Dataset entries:
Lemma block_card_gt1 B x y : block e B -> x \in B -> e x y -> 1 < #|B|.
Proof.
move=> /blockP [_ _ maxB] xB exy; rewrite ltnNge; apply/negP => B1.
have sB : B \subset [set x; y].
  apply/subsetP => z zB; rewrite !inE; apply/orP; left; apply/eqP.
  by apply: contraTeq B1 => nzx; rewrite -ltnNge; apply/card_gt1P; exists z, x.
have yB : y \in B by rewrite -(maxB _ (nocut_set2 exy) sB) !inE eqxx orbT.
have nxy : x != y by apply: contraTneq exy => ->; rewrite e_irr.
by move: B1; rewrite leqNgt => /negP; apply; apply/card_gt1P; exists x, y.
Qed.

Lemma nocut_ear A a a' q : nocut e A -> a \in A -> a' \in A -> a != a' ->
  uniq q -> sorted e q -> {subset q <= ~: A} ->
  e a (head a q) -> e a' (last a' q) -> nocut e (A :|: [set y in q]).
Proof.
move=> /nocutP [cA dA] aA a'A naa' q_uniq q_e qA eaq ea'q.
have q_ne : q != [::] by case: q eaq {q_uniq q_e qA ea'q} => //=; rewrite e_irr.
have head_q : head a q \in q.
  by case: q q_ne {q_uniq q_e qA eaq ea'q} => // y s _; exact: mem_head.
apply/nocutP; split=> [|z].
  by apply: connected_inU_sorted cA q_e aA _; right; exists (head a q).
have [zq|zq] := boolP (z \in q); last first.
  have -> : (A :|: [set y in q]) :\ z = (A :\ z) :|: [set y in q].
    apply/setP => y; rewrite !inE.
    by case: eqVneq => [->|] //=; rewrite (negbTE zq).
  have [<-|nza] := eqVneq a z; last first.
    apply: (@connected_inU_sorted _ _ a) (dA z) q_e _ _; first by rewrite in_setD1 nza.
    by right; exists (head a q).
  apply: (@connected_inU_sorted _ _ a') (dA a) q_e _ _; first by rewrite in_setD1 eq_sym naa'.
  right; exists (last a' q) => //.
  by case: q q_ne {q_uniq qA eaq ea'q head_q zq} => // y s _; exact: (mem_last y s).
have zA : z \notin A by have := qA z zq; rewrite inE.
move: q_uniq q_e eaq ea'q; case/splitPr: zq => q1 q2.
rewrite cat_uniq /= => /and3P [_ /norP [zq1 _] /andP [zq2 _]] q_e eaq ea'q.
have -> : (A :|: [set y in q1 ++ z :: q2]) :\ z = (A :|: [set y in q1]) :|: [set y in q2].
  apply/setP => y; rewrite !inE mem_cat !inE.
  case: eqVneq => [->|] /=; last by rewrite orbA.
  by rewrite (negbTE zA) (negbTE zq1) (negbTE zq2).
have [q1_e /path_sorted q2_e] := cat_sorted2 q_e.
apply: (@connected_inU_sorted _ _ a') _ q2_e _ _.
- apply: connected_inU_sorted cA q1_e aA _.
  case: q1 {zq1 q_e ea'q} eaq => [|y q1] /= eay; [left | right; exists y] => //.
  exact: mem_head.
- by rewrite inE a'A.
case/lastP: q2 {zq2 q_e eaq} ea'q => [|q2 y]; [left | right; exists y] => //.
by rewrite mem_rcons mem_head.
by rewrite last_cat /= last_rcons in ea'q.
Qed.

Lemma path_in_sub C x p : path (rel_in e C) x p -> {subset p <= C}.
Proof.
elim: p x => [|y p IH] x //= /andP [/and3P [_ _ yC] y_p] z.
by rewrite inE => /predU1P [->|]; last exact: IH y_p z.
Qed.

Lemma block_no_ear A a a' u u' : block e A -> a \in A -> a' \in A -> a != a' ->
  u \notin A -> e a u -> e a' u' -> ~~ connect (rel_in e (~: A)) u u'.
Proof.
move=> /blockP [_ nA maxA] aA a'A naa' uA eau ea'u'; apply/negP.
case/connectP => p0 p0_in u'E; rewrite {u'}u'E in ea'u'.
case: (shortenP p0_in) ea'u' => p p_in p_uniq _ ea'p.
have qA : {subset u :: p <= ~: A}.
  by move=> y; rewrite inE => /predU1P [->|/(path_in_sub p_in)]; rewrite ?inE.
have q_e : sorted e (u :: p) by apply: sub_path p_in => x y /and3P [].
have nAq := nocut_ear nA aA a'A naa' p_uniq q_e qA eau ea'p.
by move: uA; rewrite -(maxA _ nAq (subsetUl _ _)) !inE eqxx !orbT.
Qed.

## [EXERCISE DESCRIPTION]
Every line above that holds the word "Lemma" needs to be copied.

## [EXERCISE ANSWER]
Lemma block_card_gt1 B x y : block e B -> x \in B -> e x y -> 1 < #|B|.
Lemma nocut_ear A a a' q : nocut e A -> a \in A -> a' \in A -> a != a' ->
Lemma path_in_sub C x p : path (rel_in e C) x p -> {subset p <= C}.
Lemma block_no_ear A a a' u u' : block e A -> a \in A -> a' \in A -> a != a' ->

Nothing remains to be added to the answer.